Pembingkaian berita seperti itu, memiliki kedekatan dengan konstruksi moralitas masyarakat hari ini. Sebab, dalam tatanan masyarakat patriarkis, perempuan dipandang sebagai ‘barang’, ‘obyek’ atau ‘properti’.

Maka, kekerasan seksual akan dipandang sebagai tindakan ‘merusak’ yang bisa menurunkan ‘harga jual’. Sehingga, menikahi korban, akan dipandang sebagai tindakan ‘bertanggungjawab’ dan menyelamatkan korban dari sanksi moral.
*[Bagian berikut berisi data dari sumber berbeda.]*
(* Let $\mathbb N$ be a strongly connected symmetric directed graph on $m$ vertices without self-arcs, with arc matrices $C_{ij}$ (each with $n$ columns) having orthonormal rows (so $C_{ij}C_{ij}'=I$), such that $\bar{\mathbb N}$ is well-configured. Let $d_i=|\mathcal N_i|$. For arbitrary $x_i(0)\in\mathbb R^n$, define for each agent $i$ $$x_i(t+1)=x_i(t)-\frac{1}{2(d_i+1)}\sum_{j\in\mathcal N_i}\big(C_{ij}'C_{ij}+C_{ji}'C_{ji}\big)\big(x_i(t)-x_j(t)\big).$$ Then all $x_i(t)$ converge to a common vector $x^*\in\mathbb R^n$ exponentially fast, i.e. there are constants $c>0$, $\rho\in[0,1)$ with $\|x_i(t)-x^*\|\le c\rho^t$ for all $i,t$.
   Context: A directed graph is symmetric if whenever $(i,j)$ is an arc so is $(j,i)$. $\mathcal N_i$ is the set of neighbors of agent $i$. Each arc $(j,i)$ carries a real matrix $C_{ji}$ with $n$ columns; $'$ denotes transpose. $\bar{\mathbb N}$ is well-configured if for all $x_1,\dots,x_m\in\mathbb R^n$, $C_{ji}x_i=C_{ji}x_j$ for every arc $(j,i)$ implies $x_1=\cdots=x_m$. *)

From HB Require Import structures.
From mathcomp Require Import all_boot all_order all_algebra.
From mathcomp Require Import reals.
Set Implicit Arguments. Unset Strict Implicit. Unset Printing Implicit Defensive.
Import Order.TTheory GRing.Theory Num.Theory.
Local Open Scope ring_scope.

Definition vnorm (R : realType) (n : nat) (v : 'cV[R]_n) : R :=
  Num.sqrt (\sum_(k < n) v k 0 ^+ 2).

(* Directed graph on 'I_m given by arc relation adj : adj j i means arc (j,i). *)
Definition symmetric_graph (m : nat) (adj : rel 'I_m) : Prop :=
  forall i j, adj i j -> adj j i.

Definition no_self_arcs (m : nat) (adj : rel 'I_m) : Prop :=
  forall i, ~~ adj i i.

Definition strongly_connected (m : nat) (adj : rel 'I_m) : Prop :=
  forall i j, connect adj i j.

Definition nbrs (m : nat) (adj : rel 'I_m) (i : 'I_m) : {set 'I_m} :=
  [set j | adj j i].

(* Well-configured: C_{ji} x_i = C_{ji} x_j on every arc (j,i) forces consensus.
   C j i is the matrix on arc (j,i), with rows j i rows and n columns. *)
Definition well_configured (R : realType) (m n : nat) (adj : rel 'I_m)
    (rows : 'I_m -> 'I_m -> nat) (C : forall j i : 'I_m, 'M[R]_(rows j i, n)) : Prop :=
  forall x : 'I_m -> 'cV[R]_n,
    (forall j i, adj j i -> C j i *m x i = C j i *m x j) ->
    forall i j, x i = x j.

From HB Require Import structures.
From mathcomp Require Import all_boot all_order all_algebra.
From mathcomp Require Import reals.
From mathcomp Require Import ring lra.
From Stdlib Require Import FunctionalExtensionality.
Import Order.TTheory GRing.Theory Num.Theory passmx.
Set Implicit Arguments. Unset Strict Implicit. Unset Printing Implicit Defensive.
Local Open Scope ring_scope.

(* With weights w_i = d_i + 1 the weighted sum of the states is invariant: w_i
   times the step size is 1/2, and the corrections along the arcs (i,j) and
   (j,i) carry the same symmetric gain M_ij = C_ij'C_ij + C_ji'C_ji, so they
   cancel in pairs.  Let e be the deviation from the weighted mean and
   L(e) = sum_i sum_(j in N_i) (e_i - e_j)' M_ij (e_i - e_j).  One step lowers
   sum_i w_i |e_i|^2 by at least L(e) / (2(m+1)); the quadratic term of the step
   is controlled because each C'C is an orthogonal projection.  Well-configuredness
   makes L(e) + |sum_i w_i e_i|^2 positive definite, so by finite dimensionality
   L dominates a multiple of sum_i w_i |e_i|^2 on the hyperplane where the
   weighted sum vanishes, and the weighted deviation decays geometrically. *)

Section QuadraticForms.
Variable R : realFieldType.

Definition symbilinear (V : lmodType R) (b : V -> V -> R) :=
  [/\ forall u u' v, b (u + u') v = b u v + b u' v,
      forall c u v, b (c *: u) v = c * b u v &
      forall u v, b u v = b v u].

Lemma symbilinear_suml (V : lmodType R) (b : V -> V -> R) (I : Type) (r : seq I)
    (P : pred I) (F : I -> V) v :
  symbilinear b -> b (\sum_(i <- r | P i) F i) v = \sum_(i <- r | P i) b (F i) v.
Proof.
case=> bD bZ _; have b0 : b 0 v = 0 by rewrite -(scale0r (0 : V)) bZ mul0r.
exact: (big_morph (b^~ v) (fun u u' => bD u u' v) b0).
Qed.

Lemma symbilinearD (V : lmodType R) (b1 b2 : V -> V -> R) :
  symbilinear b1 -> symbilinear b2 -> symbilinear (fun u v => b1 u v + b2 u v).
Proof.
case=> D1 Z1 S1 [D2 Z2 S2]; split=> [u u' v|c u v|u v].
- by rewrite D1 D2 addrACA.
- by rewrite Z1 Z2 mulrDr.
- by rewrite S1 S2.
Qed.

Lemma symbilinear_comp (U V : lmodType R) (f : {linear U -> V}) (b : V -> V -> R) :
  symbilinear b -> symbilinear (fun u v => b (f u) (f v)).
Proof.
by case=> bD bZ bS; split=> [u u' v|c u v|u v] /=; rewrite ?linearD ?linearZ /=.
Qed.

Definition gram d (b : 'rV[R]_d -> 'rV[R]_d -> R) : 'M[R]_d :=
  \matrix_(a, c) b (delta_mx 0 a) (delta_mx 0 c).

Lemma quad_formE d (X : 'M[R]_d) (u v : 'rV[R]_d) :
  (u *m X *m v^T) 0 0 = \sum_a \sum_c u 0 a * v 0 c * X a c.
Proof.
rewrite mxE exchange_big; apply: eq_bigr => c _; rewrite !mxE big_distrl.
by apply: eq_bigr => a _; rewrite ?mxE /=; ring.
Qed.

Lemma symbilinear_gramE d (b : 'rV[R]_d -> 'rV[R]_d -> R) u v :
  symbilinear b -> b u v = (u *m gram b *m v^T) 0 0.
Proof.
move=> hb; have [_ bZ bS] := hb; rewrite quad_formE.
rewrite [in LHS](row_sum_delta u) symbilinear_suml //; apply: eq_bigr => a _.
rewrite bZ bS [in LHS](row_sum_delta v) symbilinear_suml // big_distrr.
by apply: eq_bigr => c _; rewrite bZ bS mxE; exact: mulrA.
Qed.

Lemma norm_mul_le (p q s : R) : p ^+ 2 <= s -> q ^+ 2 <= s -> `|p * q| <= s.
Proof.
move=> hp hq; have := sqr_ge0 (p - q); have := sqr_ge0 (p + q).
move: hp hq; rewrite !expr2 => hp hq h1 h2.
by case: (lerP 0 (p * q)) => h; [rewrite ger0_norm | rewrite ltr0_norm]; nra.
Qed.

Lemma quad_form_le d (X : 'M[R]_d) (u : 'rV[R]_d) :
  (u *m X *m u^T) 0 0 <= (\sum_a \sum_c `|X a c|) * \sum_c u 0 c ^+ 2.
Proof.
set s := \sum_c u 0 c ^+ 2.
have sq_le a : u 0 a ^+ 2 <= s.
  by rewrite /s (bigD1 a) //= lerDl; apply: sumr_ge0 => c _; apply: sqr_ge0.
rewrite quad_formE big_distrl; apply: ler_sum => a _.
rewrite big_distrl; apply: ler_sum => c _; apply: le_trans (ler_norm _) _.
rewrite normrM mulrC ler_wpM2l //; exact: norm_mul_le (sq_le a) (sq_le c).
Qed.
Lemma posdef_coercive d (b : 'rV[R]_d -> 'rV[R]_d -> R) :
  symbilinear b -> (forall u, u != 0 -> 0 < b u u) ->
  exists2 K, 0 < K & forall u : 'rV[R]_d, \sum_c u 0 c ^+ 2 <= K * b u u.
Proof.
move=> hb bpos; have [bD bZ bS] := hb; set P := gram b.
have bP u v : b u v = (u *m P *m v^T) 0 0 by exact: symbilinear_gramE.
have Punit : P \in unitmx.
  rewrite -row_free_unit; apply: inj_row_free => u uP0; apply/eqP.
  by apply: contraT => /bpos; rewrite bP uP0 mul0mx mxE ltxx.
pose K0 := \sum_a \sum_c `|(invmx P)^T a c|.
have K0_ge0 : 0 <= K0 by apply: sumr_ge0 => a _; apply: sumr_ge0.
exists (K0 + 1) => [|u]; first lra.
set s := \sum_c _; have s_ge0 : 0 <= s by apply: sumr_ge0 => c _; apply: sqr_ge0.
(* [y] represents the functional [v |-> u . v] through [b]. *)
pose y := u *m invmx P; have yP : y *m P = u by rewrite mulmxKV.
have byu : b y u = s by rewrite bP yP mxE; apply: eq_bigr => c _; rewrite !mxE expr2.
have byy : b y y <= K0 * s by rewrite bP yP trmx_mul mulmxA quad_form_le.
have b_ge0 v : 0 <= b v v.
  have [->|/bpos/ltW //] := eqVneq v 0; by rewrite bP !mul0mx mxE.
have := b_ge0 (y + (- (K0 + 1)) *: u).
rewrite bD bZ (bS y) (bS u) !bD !bZ (bS u y) byu; nra.
Qed.

Lemma posdef_dominates (V : vectType R) (b g : V -> V -> R) :
  symbilinear b -> symbilinear g -> (forall u, u != 0 -> 0 < b u u) ->
  exists2 lam, 0 < lam & forall u, lam * g u u <= b u u.
Proof.
move=> hb hg bpos; set e := vbasis {:V}.
have coordK := rVofK (vbasisP {:V}).
pose phi : {linear 'rV_(\dim {:V}) -> V} := vecof e.
have hb' := symbilinear_comp phi hb; have hg' := symbilinear_comp phi hg.
have [K K_gt0 HK] : exists2 K, 0 < K &
    forall r : 'rV_(\dim {:V}), \sum_c r 0 c ^+ 2 <= K * b (phi r) (phi r).
  apply: posdef_coercive hb' _ => r /negbTE r_neq0; apply: bpos.
  by rewrite vecof_eq0 ?r_neq0 //; exact: vbasisP.
pose G0 := \sum_a \sum_c `|gram (fun r r' => g (phi r) (phi r')) a c|.
have G0_ge0 : 0 <= G0 by apply: sumr_ge0 => a _; apply: sumr_ge0.
exists ((K * (G0 + 1))^-1) => [|u]; first by rewrite invr_gt0 mulr_gt0 //; lra.
rewrite -(coordK u); set r := rVof e u.
have gle : g (phi r) (phi r) <= G0 * \sum_c r 0 c ^+ 2.
  by rewrite (symbilinear_gramE _ _ hg') quad_form_le.
have s_ge0 : 0 <= \sum_c r 0 c ^+ 2 by apply: sumr_ge0 => c _; apply: sqr_ge0.
rewrite ler_pdivrMl ?mulr_gt0 //; last lra.
have := HK r; nra.
Qed.

End QuadraticForms.

Section DotProduct.
Variable R : realFieldType.
Implicit Types (k : nat).

Definition dot k (u v : 'cV[R]_k) : R := (u^T *m v) 0 0.

Lemma dotE k (u v : 'cV[R]_k) : dot u v = \sum_a u a 0 * v a 0.
Proof. by rewrite /dot mxE; apply: eq_bigr => a _; rewrite mxE. Qed.

Lemma dotC k (u v : 'cV[R]_k) : dot u v = dot v u.
Proof. by rewrite !dotE; apply: eq_bigr => a _; rewrite mulrC. Qed.

Lemma dot_symbilinear k : symbilinear (@dot k).
Proof.
split=> [u u' v|c u v|]; last exact: dotC.
  by rewrite !dotE -big_split; apply: eq_bigr => a _; rewrite mxE mulrDl.
by rewrite !dotE big_distrr; apply: eq_bigr => a _; rewrite mxE /= mulrA.
Qed.

Lemma dotDl k (u u' v : 'cV[R]_k) : dot (u + u') v = dot u v + dot u' v.
Proof. by case: (dot_symbilinear k). Qed.

Lemma dotZl k c (u v : 'cV[R]_k) : dot (c *: u) v = c * dot u v.
Proof. by case: (dot_symbilinear k). Qed.

Lemma dot0l k (v : 'cV[R]_k) : dot 0 v = 0.
Proof. by rewrite -(scale0r 0) dotZl mul0r. Qed.

Lemma dotDr k (u u' v : 'cV[R]_k) : dot v (u + u') = dot v u + dot v u'.
Proof. by rewrite dotC dotDl !(dotC v). Qed.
Kalau tidak begitu, moralitas hanya akan menjatuhkan hukuman seumur hidup pada korban kekerasan seksual, sedangkan pelaku kekerasan bisa dengan cepat menjalani kehidupan normal.
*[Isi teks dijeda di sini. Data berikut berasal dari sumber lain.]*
(* An overpartition of N is encoded by its multiplicity function
   m : value -> number of occurrences (values and multiplicities range over
   0..N), together with the set O of part values whose first occurrence is
   overlined. *)
Definition opart (N : nat) : finType :=
  ({ffun 'I_N.+1 -> 'I_N.+1} * {set 'I_N.+1})%type.

Definition is_overpartition (N : nat) (x : opart N) : bool :=
  [&& x.1 ord0 == ord0 :> 'I_N.+1,
      \sum_(v : 'I_N.+1) (v : nat) * x.1 v == N
    & [forall v, (v \in x.2) ==> (0 < x.1 v)]].

(* v is the smallest (resp. largest) part value of x
   (multiplicity counts overlined and non-overlined copies together). *)
Definition is_smallest (N : nat) (x : opart N) (v : 'I_N.+1) : bool :=
  (0 < x.1 v) && [forall u, (0 < x.1 u) ==> (v <= u)].

Definition is_largest (N : nat) (x : opart N) (v : 'I_N.+1) : bool :=
  (0 < x.1 v) && [forall u, (0 < x.1 u) ==> (u <= v)].

Definition abar2 (n : nat) : nat :=
  #|[set x : opart n | is_overpartition x &&
      [exists v, is_smallest x v && (2 <= x.1 v)]]|.

Definition pbar (N t : nat) : nat :=
  #|[set x : opart N | is_overpartition x &&
      [exists s, exists l, [&& is_smallest x s, is_largest x l & (l - s == t)]]]|.

(* Let x be an overpartition of N whose smallest part s occurs at least twice,
   and let t >= N.  Moving one copy of s to a new part s + t, overlined or not,
   gives an overpartition of N + t with smallest part s and largest part
   s + t, since every part of x is at most N < s + t.  Conversely, moving the
   largest part s + t of such an overpartition back to s gives an
   overpartition of N whose smallest part s now occurs at least twice; the
   overline of s + t is the extra bit.  The two maps are mutually inverse, so
   2 abar2(N) = pbar(N + t, t), and t = N gives the theorem. *)

From mathcomp Require Import all_boot zify.
Set Implicit Arguments. Unset Strict Implicit. Unset Printing Implicit Defensive.

Lemma card_in_bij (T U : finType) (A : {set T}) (B : {set U})
    (f : T -> U) (g : U -> T) :
  {in A, forall x, f x \in B /\ g (f x) = x} ->
  {in B, forall y, g y \in A /\ f (g y) = y} -> #|A| = #|B|.
Proof.
move=> fP gP; have /card_in_imset <- : {in A &, injective f}.
  by move=> x1 x2 /fP [_ fK1] /fP [_ fK2] e; rewrite -fK1 e fK2.
apply: eq_card => y; apply/imsetP/idP => [[x /fP [fx _] ->] // | /gP [gy gyK]].
by exists (g y).
Qed.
Pengadilan moral ini, menghadirkan situasi yang menyeramkan bagi korban kekerasan seksual. Dampaknya, korban akan merasa malu menceritakan kekerasan seksual yang dialaminya, takut, trauma dan mengalami tekanan psikologis yang hebat.

Sikap diam ini, seringkali menjadi salah satu hambatan untuk memperoleh hak keadilan dan pemulihan. Selain itu, pada saat bersamaan, pelaku kekerasan  memanfaatkan situasi tersebut untuk kembali mengulangi kejahatannya.

Jadi, kita tahu, konstruksi moralitas ini tidak berpihak pada kesetaraan hak antara sesama manusia. Ia hanya menindas satu kelompok dan menguntungkan kelompok lainnya. Apa yang diperlukan hari ini adalah memperjuangkan sebuah tatanan masyarakat yang setara.

Sebelum menuju kesana, kita perlu terus-menerus melawan tindak kekerasan seksual yang terjadi, membuat kualitas pemberitaan yang tidak bias gender, dan berpihak pada korban kekerasan seksual. 

Di samping itu, kita perlu ikut terlibat menciptakan suasana yang mendukung pemulihan kondisi psikologis maupun trauma korban kekerasan seksual. Sayangnya, keberpihakan pada korban itulah yang justru diabaikan wartawan yang mengintimidasi L.